13. Given the limited range of business activities conducted by the 2007 Partnership and the Future Partnerships, the short duration of their existence and the nature of the investment, the preparation and distribution of an AIF by the 2007 Partnership and the Future Partnerships will not be of any benefit to their limited partners and may impose a material financial burden on the 2007 Partnership and the Future Partnerships. Upon the occurrence of any material change to the 2007 Partnership and the Future Partnerships, Limited Partners and investors in Future Partnerships would receive all relevant information from the material change reports the 2007 Partnership and Future Partnerships are required to file with the Decision Makers.
14. As a result of the implementation of NI 81-106, investors purchasing units of the Partnerships were provided with a prospectus containing written policies on how the securities held by the Partnerships are voted (the Proxy Voting Policies), and had the opportunity to review the Proxy Voting Policies before deciding whether to invest in units of the Partnerships. Future Partnerships will provide similar disclosure in respect of their proxy voting policies.
15. The Proxy Voting Policies require that the Partnerships exercise their voting rights in respect of securities in a manner consistent with the best interests of the Limited Partners.
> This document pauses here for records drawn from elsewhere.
(* Let $\mathfrak{q}$ be an $n\times n$ quantum parameter matrix over a field $k$ and $V$ a $k$-vector space with basis $v_1,\dots,v_n$. Let $\mathcal{P}$ be the partition of $[n]$ into the equivalence classes of $\mathcal{R}$. Then $$\mathrm{Aut}_{\mathrm{gr}}(S_{\mathfrak{q}}(V))\ \cong\ \prod_{D\in\mathcal{P}}\mathrm{Aut}_{\mathrm{gr}}\big(S_{\mathfrak{q}_{DD}}(V_D)\big).$$
   Context: An $n\times n$ quantum parameter matrix is a matrix $\mathfrak{q}=(q_{ij})$ over $k$ with $q_{ii}=1$ and $q_{ij}q_{ji}=1$ for all $i,j$. $S_{\mathfrak{q}}(V)$ is the $k$-algebra generated by $v_1,\dots,v_n$ with relations $v_jv_i=q_{ij}v_iv_j$, graded by $\deg v_i=1$; $\mathrm{Aut}_{\mathrm{gr}}$ denotes the group of degree-preserving algebra automorphisms. For $D\subseteq[n]$, $V_D=\mathrm{span}\{v_i:i\in D\}$ and $\mathfrak{q}_{DD}=(q_{ij})_{i,j\in D}$, a quantum parameter matrix defining $S_{\mathfrak{q}_{DD}}(V_D)$ with respect to $\{v_i:i\in D\}$. Define a relation on $[n]$ by $i\to\ell$ whenever there is a chain $i=i_0,i_1,\dots,i_p=\ell$ ($p\ge0$) such that for every $1\le s\le p$ either (1) row $i_{s-1}$ of $\mathfrak{q}$ is a permutation of row $i_s$ (as a sequence of entries), or (2) $q_{i_{s-1}i_s}\ne q_{i_ti_s}$ for some $0\le t<s$. $\mathcal{R}$ is the equivalence relation on $[n]$ generated by this relation. *)

From HB Require Import structures.
From mathcomp Require Import all_boot all_order all_algebra.
From Stdlib Require Import Relations.
Set Implicit Arguments. Unset Strict Implicit. Unset Printing Implicit Defensive.
Import GRing.Theory.
Local Open Scope ring_scope.

Section QuantumAffine.
Variable k : fieldType.

Definition is_qpm (I : finType) (q : I -> I -> k) : Prop :=
  (forall i, q i i = 1) /\ (forall i j, q i j * q j i = 1).

Definition alg_hom (A B : algType k) (f : A -> B) : Prop :=
  [/\ forall x y, f (x + y) = f x + f y,
      forall (c : k) x, f (c *: x) = c *: f x,
      forall x y, f (x * y) = f x * f y
    & f 1 = 1].

Definition q_rels (I : finType) (q : I -> I -> k) (B : algType k) (b : I -> B) :
  Prop := forall i j, b j * b i = q i j *: (b i * b j).

(* (A, v) is S_q(V): the k-algebra generated by v_i (i in I) with the
   relations v_j v_i = q_ij v_i v_j, given by its universal property *)
Definition is_Sq (I : finType) (q : I -> I -> k) (A : algType k) (v : I -> A) :
  Prop :=
  q_rels q v /\
  forall (B : algType k) (b : I -> B), q_rels q b ->
    exists f : A -> B,
      [/\ alg_hom f, (forall i, f (v i) = b i)
        & forall g : A -> B, alg_hom g -> (forall i, g (v i) = b i) -> g =1 f].

(* homogeneous component of degree d (grading deg v_i = 1):
   the span of the monomials v_{w 0} ... v_{w (d-1)} *)
Definition deg_part (I : finType) (A : algType k) (v : I -> A) (d : nat) (x : A)
  : Prop :=
  exists c : {ffun 'I_d -> I} -> k,
    x = \sum_(w : {ffun 'I_d -> I}) c w *: \prod_(j < d) v (w j).

Definition gr_aut (I : finType) (A : algType k) (v : I -> A) (f : A -> A) : Prop :=
  [/\ alg_hom f, bijective f
    & forall d x, deg_part v d x -> deg_part v d (f x)].

Definition row_perm n (q : 'M[k]_n) (i j : 'I_n) : bool :=
  perm_eq [seq q i x | x <- enum 'I_n] [seq q j x | x <- enum 'I_n].

(* i -> l : chain i = i_0, ..., i_p = l (here s = i_0 :: rest) *)
Definition chain_ok n (q : 'M[k]_n) (i : 'I_n) (rest : seq 'I_n) : Prop :=
  let s := i :: rest in
  forall m : nat, (0 < m < size s)%N ->
    let a := nth i s m.-1 in let b := nth i s m in
    row_perm q a b \/ exists t : nat, (t < m)%N /\ q a b <> q (nth i s t) b.

Definition qarrow n (q : 'M[k]_n) (i l : 'I_n) : Prop :=
  exists rest : seq 'I_n, chain_ok q i rest /\ last i rest = l.

Definition qR n (q : 'M[k]_n) : relation 'I_n :=
  clos_refl_sym_trans 'I_n (qarrow q).

Definition is_class n (q : 'M[k]_n) (D : {set 'I_n}) : Prop :=
  exists i, forall j, j \in D <-> qR q i j.

Definition qsub n (q : 'M[k]_n) (D : {set 'I_n})
  : {i : 'I_n | i \in D} -> {i : 'I_n | i \in D} -> k :=
  fun i j => q (val i) (val j).

End QuantumAffine.
Arguments qsub [k n] q D.

From Pilot Require Import Defs.
From HB Require Import structures.
From mathcomp Require Import all_boot all_order all_algebra.
From mathcomp Require Import perm boolp ring.
From Stdlib Require Import Relations.
Set Implicit Arguments. Unset Strict Implicit. Unset Printing Implicit Defensive.
Import GRing.Theory.
Local Open Scope ring_scope.

(* A graded automorphism f of S_q(V) is given on generators by an invertible
   matrix P, f v_i = sum_a P_ia v_a.  Since the only relations in degree two
   are v_b v_a = q_ab v_a v_b, comparing the two sides of
   f v_j * f v_i = q_ij f v_i * f v_j shows that P_ia <> 0 and P_jb <> 0 force
   q_ab = q_ij.  As det P <> 0 there is a permutation s with P_i(s i) <> 0 for
   all i, so P_ia <> 0 makes row i of q a permutation of row a, whence i -> a:
   P is block diagonal for the classes of R.  Thus f restricts to each
   S_q_DD(V_D), through the inclusion and the projection killing the other
   generators.  Conversely automorphisms of the blocks glue together, because
   by condition (2) of the chains q is constant on D x D' for distinct classes,
   so generators from D and D' commute up to a single scalar. *)

Section AlgHom.
Variable k : fieldType.
Implicit Types B C E : algType k.

Section Basic.
Variables (B C : algType k) (f : B -> C).
Hypothesis hf : alg_hom f.

Lemma alg_homD : {morph f : x y / x + y}. Proof. by case: hf. Qed.
Lemma alg_homZ c : {morph f : x / c *: x}.
Proof. by case: hf => _ hZ _ _ x; apply: hZ. Qed.
Lemma alg_homM : {morph f : x y / x * y}. Proof. by case: hf. Qed.
Lemma alg_hom1 : f 1 = 1. Proof. by case: hf. Qed.
Lemma alg_hom0 : f 0 = 0.
Proof. by rewrite -(scale0r (0 : B)) alg_homZ scale0r. Qed.

Lemma alg_hom_sum (I : Type) (r : seq I) (P : pred I) (F : I -> B) :
  f (\sum_(i <- r | P i) F i) = \sum_(i <- r | P i) f (F i).
Proof. exact: (big_morph f alg_homD alg_hom0). Qed.

Lemma alg_hom_prod (I : Type) (r : seq I) (P : pred I) (F : I -> B) :
  f (\prod_(i <- r | P i) F i) = \prod_(i <- r | P i) f (F i).
Proof. exact: (big_morph f alg_homM alg_hom1). Qed.

Lemma alg_hom_lin (I : Type) (r : seq I) (c : I -> k) (F : I -> B) :
  f (\sum_(i <- r) c i *: F i) = \sum_(i <- r) c i *: f (F i).
Proof. by rewrite alg_hom_sum; apply: eq_bigr => i _; rewrite alg_homZ. Qed.

End Basic.

Lemma alg_hom_id B : alg_hom (@id B). Proof. by []. Qed.

Lemma alg_hom_comp B C E (f : C -> E) (g : B -> C) :
  alg_hom f -> alg_hom g -> alg_hom (f \o g).
Proof.
move=> hf hg; split=> [x y|c x|x y|] /=.
- by rewrite !(alg_homD hg, alg_homD hf).
- by rewrite !(alg_homZ hg, alg_homZ hf).
- by rewrite !(alg_homM hg, alg_homM hf).
by rewrite (alg_hom1 hg) (alg_hom1 hf).
Qed.

Lemma alg_hom_can B C (f : B -> C) (g : C -> B) :
  alg_hom f -> cancel f g -> cancel g f -> alg_hom g.
Proof.
move=> hf fK gK; split=> [x y|c x|x y|].
- by rewrite -{1}(gK x) -{1}(gK y) -(alg_homD hf) fK.
- by rewrite -{1}(gK x) -(alg_homZ hf) fK.
- by rewrite -{1}(gK x) -{1}(gK y) -(alg_homM hf) fK.
by rewrite -(alg_hom1 hf) fK.
Qed.

Lemma q_rels_comp (J : finType) (qq : J -> J -> k) B C (f : B -> C) (b : J -> B) :
  alg_hom f -> q_rels qq b -> q_rels qq (f \o b).
Proof. by move=> hf hb i j /=; rewrite -!(alg_homM hf) hb alg_homZ. Qed.

End AlgHom.

Section Span.
Variables (k : fieldType) (J : finType) (B : algType k) (w : J -> B).

Definition in_span (x : B) : Prop := exists c : J -> k, x = \sum_i c i *: w i.

Lemma in_span0 : in_span 0.
Proof. by exists (fun=> 0); rewrite big1 // => i _; rewrite scale0r. Qed.

Lemma in_spanD x y : in_span x -> in_span y -> in_span (x + y).
Proof.
case=> [c ->] [c' ->]; exists (fun i => c i + c' i).
by rewrite -big_split; apply: eq_bigr => i _; rewrite scalerDl.
Qed.

Lemma in_spanZ a x : in_span x -> in_span (a *: x).
Proof.
case=> [c ->]; exists (fun i => a * c i).
by rewrite scaler_sumr; apply: eq_bigr => i _; rewrite scalerA.
Qed.

Lemma in_span_sum (I : Type) (r : seq I) (c : I -> k) (F : I -> B) :
  (forall i, in_span (F i)) -> in_span (\sum_(i <- r) c i *: F i).
Proof.
move=> hF; elim/big_rec: _ => [|i x _ hx]; first exact: in_span0.
by apply: in_spanD hx; apply: in_spanZ.
Qed.

Lemma gen_sum_delta a : w a = \sum_e (e == a)%:R *: w e.
Proof.
rewrite (bigD1 a) //= eqxx scale1r big1 ?addr0 // => e /negbTE ->.
by rewrite scale0r.
Qed.

Lemma in_span_gen a : in_span (w a).
Proof. by exists (fun e => (e == a)%:R); apply: gen_sum_delta. Qed.

Lemma sum_scale_span (I : finType) (x : I -> k) (y : I -> J -> k) :
  \sum_i x i *: \sum_a y i a *: w a = \sum_a (\sum_i x i * y i a) *: w a.
Proof.
under eq_bigr do rewrite scaler_sumr; rewrite exchange_big /=.
by apply: eq_bigr => a _; rewrite scaler_suml; apply: eq_bigr => i _; rewrite scalerA.
Qed.

Lemma coord_ex x : exists c : J -> k, in_span x -> x = \sum_i c i *: w i.
Proof.
by case: (EM (in_span x)) => [[c ->]|nx]; [exists c | exists (fun=> 0)].
Qed.

Definition coord (x : B) : J -> k := projT1 (cid (coord_ex x)).

Lemma coordK x : in_span x -> x = \sum_i coord x i *: w i.
Proof. exact: projT2 (cid (coord_ex x)). Qed.

End Span.

Section Degree.
Variables (k : fieldType) (J : finType) (B : algType k) (w : J -> B).

Lemma deg_part_sum d (I : Type) (r : seq I) (P : pred I) (F : I -> B) :
  (forall i, P i -> deg_part w d (F i)) -> deg_part w d (\sum_(i <- r | P i) F i).
Proof.
apply: big_ind => [|x y [c ->] [c' ->]].
  by exists (fun=> 0); rewrite big1 // => i _; rewrite scale0r.
exists (fun i => c i + c' i).
by rewrite -big_split; apply: eq_bigr => i _; rewrite scalerDl.
Qed.

Lemma deg_partZ d a x : deg_part w d x -> deg_part w d (a *: x).
Proof.
case=> [c ->]; exists (fun i => a * c i).
by rewrite scaler_sumr; apply: eq_bigr => i _; rewrite scalerA.
Qed.

Lemma deg_part_monomial d (u : {ffun 'I_d -> J}) :
  deg_part w d (\prod_(j < d) w (u j)).
Proof.
exists (fun u' => (u' == u)%:R).
rewrite (bigD1 u) //= eqxx scale1r [X in _ + X]big1 ?addr0 //.
by move=> u' /negbTE ->; rewrite scale0r.
Qed.

Lemma deg_part1 x : deg_part w 1 x <-> in_span w x.
Proof.
split=> [[c ->]|[c ->]].
  by apply: in_span_sum => u; rewrite big_ord1; apply: in_span_gen.
pose mono (a : J) : {ffun 'I_1 -> J} := [ffun=> a].
have mono_bij : {on predT, bijective mono}.
  exists (fun u : {ffun 'I_1 -> J} => u ord0) => [a _|u _]; first by rewrite ffunE.
  by apply/ffunP => i; rewrite ffunE (ord1 i).
exists (fun u : {ffun 'I_1 -> J} => c (u ord0)).
by rewrite (reindex mono mono_bij); apply: eq_bigr => a _; rewrite big_ord1 ffunE.
Qed.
The proxy voting policies for Future Partnerships will be structured in a similar fashion.
16. Given the short lifespan of the Partnership Filers, the production of a Proxy Voting Record would provide Limited Partners and investors in Future Partnerships, with very little opportunity for recourse if they disagreed with the manner in which the Partnerships or Future Partnerships exercised or failed to exercise its proxy voting rights, as the Partnerships or Future Partnerships would likely be dissolved by the time any change could materialize.
17. Preparing and making available to Limited Partners, or investors in Future Partnerships a Proxy Voting Record will not be of any benefit to Limited Partners, or investors in Future Partnerships, and may impose a material financial burden on the Partnership Filers.
Each of the Decision Makers is satisfied that the test contained in the Legislation that provides the Decision Maker with the jurisdiction to make the decision has been met.
The decision of the Decision Makers under the Legislation is that the Requested Relief is granted.